As we completed this book, I saw over and over again how my mother has shown the way for others, but I also saw all the people who were way-showers for her, people who reminded her that she mattered. Even at 5’2”, she made a big difference in so many lives.
“When I was in fourth grade, it was the end of WWII, and my teacher gave us pen pals from other countries,” said Mom. “Mine was a boy from Italy, and we exchanged a few letters. What stayed with me was that a girl on a farm in Indiana could understand some of what a boy in Italy was going through at the end of the war. The older generations were the ones fighting the wars. It was up to the children to fight for peace. And I’m seeing the same thing today. I wish I were passing on a better world to my grandchildren, but I know they will be the ones to make it better.
“I’m concerned about the treatment of our immigrants. We are a country of immigrants. My great grandparents came here from Ireland and France. I have grandchildren who are married to partners from Japan, England, Argentina. Some of my great-grandchildren are from families with roots in Greece, Cuba, and Mexico.
“Love your neighbors. Even if you don’t agree with them, we still have to care about each other. Don’t be a bully or call people names. When you lead by example. Others notice. Keep speaking up for the underdog.
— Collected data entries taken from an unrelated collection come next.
(* Let $N\geq 2$ and let $\Sigma$ be the one-sided shift on $\{0,1,\dots,N-1\}^{\mathbb{N}_0}$, ordered lexicographically. Then for every $L\geq N+2$ there exists a forbidden order pattern $\pi\in\mathcal{S}_L$ for $\Sigma$.
   Context: $\{0,1,\dots,N-1\}^{\mathbb{N}_0}$ is the set of sequences $\omega=(\omega_0,\omega_1,\dots)$ with $\omega_n\in\{0,\dots,N-1\}$, and $\Sigma(\omega_0,\omega_1,\omega_2,\dots)=(\omega_1,\omega_2,\dots)$. The lexicographic order: $\omega<\omega'$ iff $\omega_0<\omega'_0$, or there is $n\geq1$ with $\omega_k=\omega'_k$ for $k<n$ and $\omega_n<\omega'_n$. $\mathcal{S}_L$ is the set of permutations $\pi=[\pi_0,\dots,\pi_{L-1}]$ of $\{0,\dots,L-1\}$. A sequence $\omega$ defines $\pi$ if $\Sigma^{\pi_0}(\omega)<\Sigma^{\pi_1}(\omega)<\dots<\Sigma^{\pi_{L-1}}(\omega)$. A pattern $\pi\in\mathcal{S}_L$ is forbidden for $\Sigma$ if no $\omega$ defines it. *)

From mathcomp Require Import all_boot all_order all_fingroup.
Set Implicit Arguments. Unset Strict Implicit. Unset Printing Implicit Defensive.

Definition word (N : nat) := nat -> 'I_N.

Definition shift (N : nat) (w : word N) : word N := fun n => w n.+1.
Definition shiftn (N : nat) (k : nat) (w : word N) : word N := iter k (@shift N) w.

Definition lexlt (N : nat) (w w' : word N) : Prop :=
  exists n : nat, (forall k, k < n -> w k = w' k) /\ (w n < w' n)%N.

Definition defines (N L : nat) (w : word N) (pi : 'S_L) : Prop :=
  forall i j : 'I_L, (i < j)%N -> lexlt (shiftn (pi i) w) (shiftn (pi j) w).

Definition forbidden (N L : nat) (pi : 'S_L) : Prop :=
  ~ exists w : word N, defines w pi.

From mathcomp Require Import all_boot all_order all_fingroup.
From mathcomp Require Import zify.

Set Implicit Arguments. Unset Strict Implicit. Unset Printing Implicit Defensive.

(* If Sigma^a w < Sigma^b w while Sigma^(b+1) w < Sigma^(a+1) w, the two words
   must already differ at their first letter, so w_a < w_b.  The pattern
   [zigzag_perm M] lists M-1, M-3, ... downwards and then the remaining
   positions upwards up to M; for each consecutive pair (pi_k, pi_(k+1)) with
   k + 1 < M the successors pi_k + 1 and pi_(k+1) + 1 occur in reversed order
   in pi.  Any w defining pi therefore has M strictly increasing letters
   w_(pi_0) < ... < w_(pi_(M-1)), which is impossible when M > N. *)

Lemma shiftnS N k (w : word N) : shiftn k.+1 w = shift (shiftn k w).
Proof. by []. Qed.

Lemma shiftnE N k (w : word N) n : shiftn k w n = w (k + n).
Proof. by elim: k n => // k IH n; rewrite shiftnS /shift IH addnS. Qed.

Lemma shiftn0E N k (w : word N) : shiftn k w 0 = w k.
Proof. by rewrite shiftnE addn0. Qed.

Section Lexicographic.

Variable N : nat.
Implicit Types u v : word N.

Lemma lexlt_asym u v : lexlt u v -> ~ lexlt v u.
Proof.
case=> n [eq_uv lt_uv] [m [eq_vu lt_vu]].
case: (ltngtP n m) => [lt_nm | lt_mn | eq_nm].
- by move: lt_uv; rewrite (eq_vu _ lt_nm) ltnn.
- by move: lt_vu; rewrite (eq_uv _ lt_mn) ltnn.
- by subst m; move: lt_uv lt_vu; lia.
Qed.

Lemma lexlt_head_le u v : lexlt u v -> (u 0 <= v 0)%N.
Proof.
case=> [[|n]] [eq_uv lt_uv]; first exact: ltnW.
by rewrite (eq_uv 0).
Qed.

Lemma lexlt_behead u v : lexlt u v -> u 0 = v 0 -> lexlt (shift u) (shift v).
Proof.
case=> [[|n]] [eq_uv lt_uv] eq0; first by move: lt_uv; rewrite eq0 ltnn.
by exists n; split=> // k lt_kn; apply: eq_uv.
Qed.

Lemma lexlt_head_lt u v :
  lexlt u v -> lexlt (shift v) (shift u) -> (u 0 < v 0)%N.
Proof.
move=> lt_uv lt_vu'; rewrite ltn_neqAle lexlt_head_le // andbT.
apply/negP => /eqP/val_inj eq0.
exact: lexlt_asym (lexlt_behead lt_uv eq0) lt_vu'.
Qed.

End Lexicographic.

Lemma defines_letter_lt N L (w : word N) (pi : 'S_L) (i j i' j' : 'I_L) :
  defines w pi -> (i < j)%N -> (j' < i')%N ->
  pi i' = (pi i).+1 :> nat -> pi j' = (pi j).+1 :> nat ->
  (w (pi i) < w (pi j))%N.
Proof.
move=> def_w lt_ij lt_ji' succ_i succ_j.
rewrite -(shiftn0E (pi i)) -(shiftn0E (pi j)); apply: lexlt_head_lt; first exact: def_w.
by rewrite -!shiftnS -succ_i -succ_j; apply: def_w.
Qed.

Lemma increasing_letters_le N (f : nat -> 'I_N) n :
  (forall k, k.+1 < n -> f k < f k.+1) -> n <= N.
Proof.
move=> incr_f; case: n incr_f => // n incr_f.
suff le_kf k : k <= n -> k <= f k 
  by have := le_kf n (leqnn n); have := ltn_ord (f n); lia.
elim: k => // k IH lt_kn.
by have := incr_f k ltac:(lia); have := IH (ltnW lt_kn); lia.
Qed.

Definition zigzag (M k : nat) := if 2 * k < M then M - 1 - 2 * k else 2 * k - M.

(* The index at which [zigzag M k + 1] occurs. *)
Definition zigzag_next (M k : nat) := if 2 * k < M then M - k else M - 1 - k.

Lemma zigzag_le M k : k <= M -> zigzag M k <= M.
Proof. by rewrite /zigzag; case: ifP; lia. Qed.

Lemma zigzag_inj M i j : i <= M -> j <= M -> zigzag M i = zigzag M j -> i = j.
Proof. by rewrite /zigzag; case: ifP; case: ifP; lia. Qed.

Lemma zigzag_nextP M k : k < M -> zigzag M (zigzag_next M k) = (zigzag M k).+1.
Proof. by rewrite /zigzag /zigzag_next; case: ifP; case: ifP; lia. Qed.

Lemma zigzag_next_le M k : k < M -> zigzag_next M k <= M.
Proof. by rewrite /zigzag_next; case: ifP; lia. Qed.

Lemma zigzag_next_decr M k : k.+1 < M -> zigzag_next M k.+1 < zigzag_next M k.
Proof. by rewrite /zigzag_next; case: ifP; case: ifP; lia. Qed.

Definition zigzag_ord M (k : 'I_M.+1) : 'I_M.+1 := inord (zigzag M k).

Lemma zigzag_ordE M (k : 'I_M.+1) : zigzag_ord k = zigzag M k :> nat.
Proof. by rewrite inordK // ltnS zigzag_le // -ltnS. Qed.

Lemma zigzag_ord_inj M : injective (@zigzag_ord M).
Proof.
move=> i j /(congr1 val) /=; rewrite !zigzag_ordE => /zigzag_inj eq_ij.
by apply: val_inj; apply: eq_ij; rewrite -ltnS.
Qed.

Definition zigzag_perm M : 'S_M.+1 := perm (@zigzag_ord_inj M).

Lemma zigzag_permE M k : k <= M -> zigzag_perm M (inord k) = zigzag M k :> nat.
Proof. by move=> le_kM; rewrite permE zigzag_ordE inordK. Qed.

Lemma zigzag_perm_forbidden N M : N < M -> forbidden N (zigzag_perm M).
Proof.
move=> lt_NM [w def_w].
suff incr k : k.+1 < M -> w (zigzag M k) < w (zigzag M k.+1).
  by have := increasing_letters_le incr; lia.
move=> lt_kM; have le_next := zigzag_next_le (ltnW lt_kM).
have le_next' := zigzag_next_le lt_kM.
have := @defines_letter_lt _ _ w _ (inord k) (inord k.+1)
  (inord (zigzag_next M k)) (inord (zigzag_next M k.+1)) def_w.
rewrite !zigzag_permE ?zigzag_nextP ?inordK ?ltnS //; try lia.
by apply; rewrite ?zigzag_next_decr.
Qed.

Theorem proposition4 (N : nat) (HN : 2 <= N) (L : nat) (HL : N + 2 <= L) :
  exists pi : 'S_L, forbidden N pi.
Proof.
case: L HL => [|M] HL; first by lia.
by exists (zigzag_perm M); apply: zigzag_perm_forbidden; lia.
Qed.
From HB Require Import structures.
From mathcomp Require Import all_boot all_order all_algebra.
From mathcomp Require Import all_classical all_reals all_analysis.
From mathcomp Require Import ring.
Set Implicit Arguments. Unset Strict Implicit. Unset Printing Implicit Defensive.
Import Order.TTheory GRing.Theory Num.Theory.
Import numFieldNormedType.Exports.
Local Open Scope classical_set_scope.
Local Open Scope ring_scope.

(* Write W Z (mean_pchoice) for the population average of P(Z is chosen
   over Z0). Then V(phi) = sum_Z p(Z; phi) W Z is affine in sigma(phi_k), so
   its k-th partial derivative is sigma'(phi_k) times E[W(Z_-k, 1) - W(Z_-k, 0)]
   over the other coordinates. On the estimator side the weight p(A_i) cancels
   the MNL denominator of Y_i(Z1, Z2), leaving
   E[g~ | u] = (u_k - 1/2) (W(Z1 u) - W(Z2 u)). As Z1 and Z2 threshold u
   coordinatewise, this integrand is a finite sum of products of functions of
   single coordinates, so the cube integral factorises into one-dimensional
   integrals; those of u_k - 1/2 over {u_k > sigma(-phi_k)} and
   {u_k < sigma(phi_k)} are +- sigma(phi_k) (1 - sigma(phi_k)) / 2. *)

Local Notation Int01 f := (\int[lebesgue_measure]_(x in `[0, 1]) f x).

Section sigmoid.
Variable R : realType.
Implicit Types x t : R.

Lemma sigma_gt0 x : 0 < sigma x.
Proof. by rewrite /sigma div1r invr_gt0 addr_gt0 // expR_gt0. Qed.

Lemma sigma_lt1 x : sigma x < 1.
Proof. by rewrite /sigma div1r invf_lt1 ?addr_gt0 ?expR_gt0 // ltrDl expR_gt0. Qed.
“I am hoping to see a woman president before I die. I was a Republican most of my life. My values are conservative, but I do not identify with the Republican Party of today. I voted for Kamala Harris in 2024 and was sad when she was defeated,” said Mom. “And I’m angry that there have been over 1,600 school shootings in the US since the Sandy Hook shootings, and we still don’t have common-sense gun laws like the ones I passed in Indiana in the 1980s. My father instilled in us to leave the world a better place, and I don’t see that happening right now.
“But I know I can still make a difference, and for as long as I’m alive, I will. Now that my cancer is in remission, maybe I’ll look at launching Grandmothers Mad as H About Gun Laws again. The way to create change is neighbor by neighborhood and then state by state. But I’m going to need help. I’ll start making a list.”